◆ Work item: Gather each line containing the string "last" from these entries.

◆ Dataset content:
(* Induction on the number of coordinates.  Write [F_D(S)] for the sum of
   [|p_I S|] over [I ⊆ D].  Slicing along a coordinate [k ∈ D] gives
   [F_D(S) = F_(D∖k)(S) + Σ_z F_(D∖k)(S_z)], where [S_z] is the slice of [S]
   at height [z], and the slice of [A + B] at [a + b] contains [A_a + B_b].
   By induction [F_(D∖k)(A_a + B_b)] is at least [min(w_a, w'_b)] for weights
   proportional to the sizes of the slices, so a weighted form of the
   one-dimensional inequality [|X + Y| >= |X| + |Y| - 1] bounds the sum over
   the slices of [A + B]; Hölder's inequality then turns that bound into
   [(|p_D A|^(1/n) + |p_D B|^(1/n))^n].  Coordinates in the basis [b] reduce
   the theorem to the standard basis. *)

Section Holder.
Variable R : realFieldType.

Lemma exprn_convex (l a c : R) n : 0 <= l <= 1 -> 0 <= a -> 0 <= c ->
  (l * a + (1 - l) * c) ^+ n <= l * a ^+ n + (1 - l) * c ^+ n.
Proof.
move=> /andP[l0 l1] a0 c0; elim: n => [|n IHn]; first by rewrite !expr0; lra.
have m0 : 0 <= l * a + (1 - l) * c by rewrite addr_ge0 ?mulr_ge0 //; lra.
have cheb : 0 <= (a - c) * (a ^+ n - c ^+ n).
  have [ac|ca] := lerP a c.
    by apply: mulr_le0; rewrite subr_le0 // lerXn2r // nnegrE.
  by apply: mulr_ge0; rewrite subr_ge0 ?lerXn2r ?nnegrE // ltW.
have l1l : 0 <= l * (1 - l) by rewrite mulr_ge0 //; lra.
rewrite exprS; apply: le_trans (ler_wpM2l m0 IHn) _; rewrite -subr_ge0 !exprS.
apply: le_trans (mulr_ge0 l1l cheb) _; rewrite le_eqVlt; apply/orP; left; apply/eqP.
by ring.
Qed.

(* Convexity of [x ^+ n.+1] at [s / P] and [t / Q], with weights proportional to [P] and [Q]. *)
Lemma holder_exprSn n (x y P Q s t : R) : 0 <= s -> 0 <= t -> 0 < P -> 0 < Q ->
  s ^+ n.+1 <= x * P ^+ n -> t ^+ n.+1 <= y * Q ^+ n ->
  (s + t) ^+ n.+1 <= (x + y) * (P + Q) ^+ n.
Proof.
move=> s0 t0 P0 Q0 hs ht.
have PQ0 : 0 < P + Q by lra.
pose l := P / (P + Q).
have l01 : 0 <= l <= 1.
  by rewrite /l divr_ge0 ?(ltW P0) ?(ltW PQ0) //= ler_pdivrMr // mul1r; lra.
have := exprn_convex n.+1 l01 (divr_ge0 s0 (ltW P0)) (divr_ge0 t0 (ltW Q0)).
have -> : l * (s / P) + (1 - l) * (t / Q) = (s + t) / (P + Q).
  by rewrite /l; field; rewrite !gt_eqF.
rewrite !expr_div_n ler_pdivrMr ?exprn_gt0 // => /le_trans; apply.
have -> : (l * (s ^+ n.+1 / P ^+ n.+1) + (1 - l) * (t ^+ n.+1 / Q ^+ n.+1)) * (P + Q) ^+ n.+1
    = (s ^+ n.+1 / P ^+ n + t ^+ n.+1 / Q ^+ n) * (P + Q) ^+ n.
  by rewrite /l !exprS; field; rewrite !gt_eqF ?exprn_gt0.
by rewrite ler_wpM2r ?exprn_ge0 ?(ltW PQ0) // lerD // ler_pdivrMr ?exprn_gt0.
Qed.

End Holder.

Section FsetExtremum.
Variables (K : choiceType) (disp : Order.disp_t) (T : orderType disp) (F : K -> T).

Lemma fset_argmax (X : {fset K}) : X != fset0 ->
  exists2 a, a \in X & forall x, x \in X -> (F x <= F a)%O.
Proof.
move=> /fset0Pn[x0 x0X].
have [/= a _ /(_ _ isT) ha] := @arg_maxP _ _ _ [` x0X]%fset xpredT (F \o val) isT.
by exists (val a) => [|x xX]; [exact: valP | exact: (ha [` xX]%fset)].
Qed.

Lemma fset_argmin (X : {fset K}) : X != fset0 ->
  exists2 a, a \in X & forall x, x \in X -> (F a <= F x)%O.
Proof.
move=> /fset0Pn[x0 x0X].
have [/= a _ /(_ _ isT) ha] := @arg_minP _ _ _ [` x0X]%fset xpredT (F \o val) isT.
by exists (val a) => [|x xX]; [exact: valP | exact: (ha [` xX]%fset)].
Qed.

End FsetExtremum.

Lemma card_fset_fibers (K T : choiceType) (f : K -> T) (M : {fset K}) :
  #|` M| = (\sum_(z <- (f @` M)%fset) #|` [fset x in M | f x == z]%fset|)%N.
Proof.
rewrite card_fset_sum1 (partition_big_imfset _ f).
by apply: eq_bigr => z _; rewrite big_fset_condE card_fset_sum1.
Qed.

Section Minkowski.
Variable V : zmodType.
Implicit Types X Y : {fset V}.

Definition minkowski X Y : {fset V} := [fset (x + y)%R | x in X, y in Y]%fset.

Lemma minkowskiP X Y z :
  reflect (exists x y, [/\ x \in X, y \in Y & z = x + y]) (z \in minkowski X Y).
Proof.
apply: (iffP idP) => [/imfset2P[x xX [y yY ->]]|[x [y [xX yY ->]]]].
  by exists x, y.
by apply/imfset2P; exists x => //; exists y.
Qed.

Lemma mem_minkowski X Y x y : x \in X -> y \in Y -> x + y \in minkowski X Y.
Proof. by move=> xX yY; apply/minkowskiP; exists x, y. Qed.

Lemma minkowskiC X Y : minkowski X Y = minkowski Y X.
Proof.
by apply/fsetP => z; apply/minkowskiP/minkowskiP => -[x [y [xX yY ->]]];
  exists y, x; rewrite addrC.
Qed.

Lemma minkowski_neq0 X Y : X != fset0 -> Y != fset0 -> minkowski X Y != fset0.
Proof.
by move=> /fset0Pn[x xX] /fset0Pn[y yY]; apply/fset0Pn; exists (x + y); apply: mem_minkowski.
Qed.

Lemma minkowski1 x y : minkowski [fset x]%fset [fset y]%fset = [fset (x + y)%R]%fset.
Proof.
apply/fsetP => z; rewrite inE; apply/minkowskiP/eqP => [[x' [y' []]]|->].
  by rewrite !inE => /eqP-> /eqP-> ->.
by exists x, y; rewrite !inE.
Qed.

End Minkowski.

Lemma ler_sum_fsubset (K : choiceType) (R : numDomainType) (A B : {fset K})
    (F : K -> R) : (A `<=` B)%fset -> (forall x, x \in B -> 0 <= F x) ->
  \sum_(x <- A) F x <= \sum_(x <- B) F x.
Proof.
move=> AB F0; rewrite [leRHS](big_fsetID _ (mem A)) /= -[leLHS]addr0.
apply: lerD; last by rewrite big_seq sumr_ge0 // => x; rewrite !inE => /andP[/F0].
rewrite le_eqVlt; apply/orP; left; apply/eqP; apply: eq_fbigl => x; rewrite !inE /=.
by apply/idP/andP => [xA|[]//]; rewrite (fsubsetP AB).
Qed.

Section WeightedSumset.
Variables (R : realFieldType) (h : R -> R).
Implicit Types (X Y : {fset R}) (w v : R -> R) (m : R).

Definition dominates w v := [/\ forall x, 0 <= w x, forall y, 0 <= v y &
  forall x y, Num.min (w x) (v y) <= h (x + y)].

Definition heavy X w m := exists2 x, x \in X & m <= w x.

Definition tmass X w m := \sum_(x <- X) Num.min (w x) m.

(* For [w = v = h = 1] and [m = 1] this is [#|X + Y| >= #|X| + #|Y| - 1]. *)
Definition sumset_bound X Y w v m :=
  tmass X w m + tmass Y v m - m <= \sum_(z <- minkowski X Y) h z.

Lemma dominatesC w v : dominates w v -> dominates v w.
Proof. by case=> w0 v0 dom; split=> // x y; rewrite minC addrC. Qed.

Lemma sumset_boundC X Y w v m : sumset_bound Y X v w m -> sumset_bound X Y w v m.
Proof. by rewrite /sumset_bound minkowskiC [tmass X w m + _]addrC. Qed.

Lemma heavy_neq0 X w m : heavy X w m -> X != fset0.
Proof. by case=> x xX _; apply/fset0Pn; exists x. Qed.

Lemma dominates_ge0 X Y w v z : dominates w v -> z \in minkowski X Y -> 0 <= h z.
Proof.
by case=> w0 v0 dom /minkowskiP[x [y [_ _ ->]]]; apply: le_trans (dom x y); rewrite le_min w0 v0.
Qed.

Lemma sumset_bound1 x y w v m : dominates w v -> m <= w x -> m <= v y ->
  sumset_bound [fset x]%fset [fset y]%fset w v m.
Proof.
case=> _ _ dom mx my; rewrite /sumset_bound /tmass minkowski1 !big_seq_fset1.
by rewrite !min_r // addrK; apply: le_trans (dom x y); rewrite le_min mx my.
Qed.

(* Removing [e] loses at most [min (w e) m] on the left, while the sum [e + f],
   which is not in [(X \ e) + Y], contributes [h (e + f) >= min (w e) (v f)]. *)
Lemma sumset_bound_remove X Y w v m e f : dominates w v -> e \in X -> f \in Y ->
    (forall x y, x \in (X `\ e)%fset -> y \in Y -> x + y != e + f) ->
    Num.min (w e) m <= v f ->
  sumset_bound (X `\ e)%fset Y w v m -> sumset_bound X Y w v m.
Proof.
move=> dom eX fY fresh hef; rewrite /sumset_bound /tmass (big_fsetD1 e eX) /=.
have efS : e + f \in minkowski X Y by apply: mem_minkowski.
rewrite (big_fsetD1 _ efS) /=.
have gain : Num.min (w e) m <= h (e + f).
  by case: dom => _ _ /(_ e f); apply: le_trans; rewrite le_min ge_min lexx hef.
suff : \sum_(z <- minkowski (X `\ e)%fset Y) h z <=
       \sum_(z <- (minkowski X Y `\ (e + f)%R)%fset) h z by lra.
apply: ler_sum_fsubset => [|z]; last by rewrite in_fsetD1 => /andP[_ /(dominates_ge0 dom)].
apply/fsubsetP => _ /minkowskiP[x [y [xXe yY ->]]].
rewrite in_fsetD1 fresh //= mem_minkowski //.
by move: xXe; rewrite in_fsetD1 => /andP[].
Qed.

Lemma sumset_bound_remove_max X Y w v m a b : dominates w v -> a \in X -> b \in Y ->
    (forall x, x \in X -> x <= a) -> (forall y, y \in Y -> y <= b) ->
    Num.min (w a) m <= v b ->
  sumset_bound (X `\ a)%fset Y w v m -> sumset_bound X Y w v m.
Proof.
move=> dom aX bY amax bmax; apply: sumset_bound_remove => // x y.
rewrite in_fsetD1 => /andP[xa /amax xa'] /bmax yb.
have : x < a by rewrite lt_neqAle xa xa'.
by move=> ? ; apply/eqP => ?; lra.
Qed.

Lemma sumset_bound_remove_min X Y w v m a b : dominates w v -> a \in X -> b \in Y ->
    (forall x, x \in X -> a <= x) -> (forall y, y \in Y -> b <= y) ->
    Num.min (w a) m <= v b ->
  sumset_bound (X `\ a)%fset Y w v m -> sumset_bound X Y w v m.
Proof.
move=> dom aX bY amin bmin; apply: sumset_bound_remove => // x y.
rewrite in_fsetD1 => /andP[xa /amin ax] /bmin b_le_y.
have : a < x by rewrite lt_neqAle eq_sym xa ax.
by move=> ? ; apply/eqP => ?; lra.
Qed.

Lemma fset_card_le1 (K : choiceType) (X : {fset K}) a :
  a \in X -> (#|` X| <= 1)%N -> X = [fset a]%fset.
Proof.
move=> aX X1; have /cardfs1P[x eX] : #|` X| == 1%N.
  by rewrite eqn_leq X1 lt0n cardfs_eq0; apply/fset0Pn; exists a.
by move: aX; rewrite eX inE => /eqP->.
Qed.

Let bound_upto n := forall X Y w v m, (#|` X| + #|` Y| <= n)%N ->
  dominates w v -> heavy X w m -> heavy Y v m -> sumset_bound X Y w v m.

◆ Response area:
apply: lerD; last by rewrite big_seq sumr_ge0 // => x; rewrite !inE => /andP[/F0].
apply: ler_sum_fsubset => [|z]; last by rewrite in_fsetD1 => /andP[_ /(dominates_ge0 dom)].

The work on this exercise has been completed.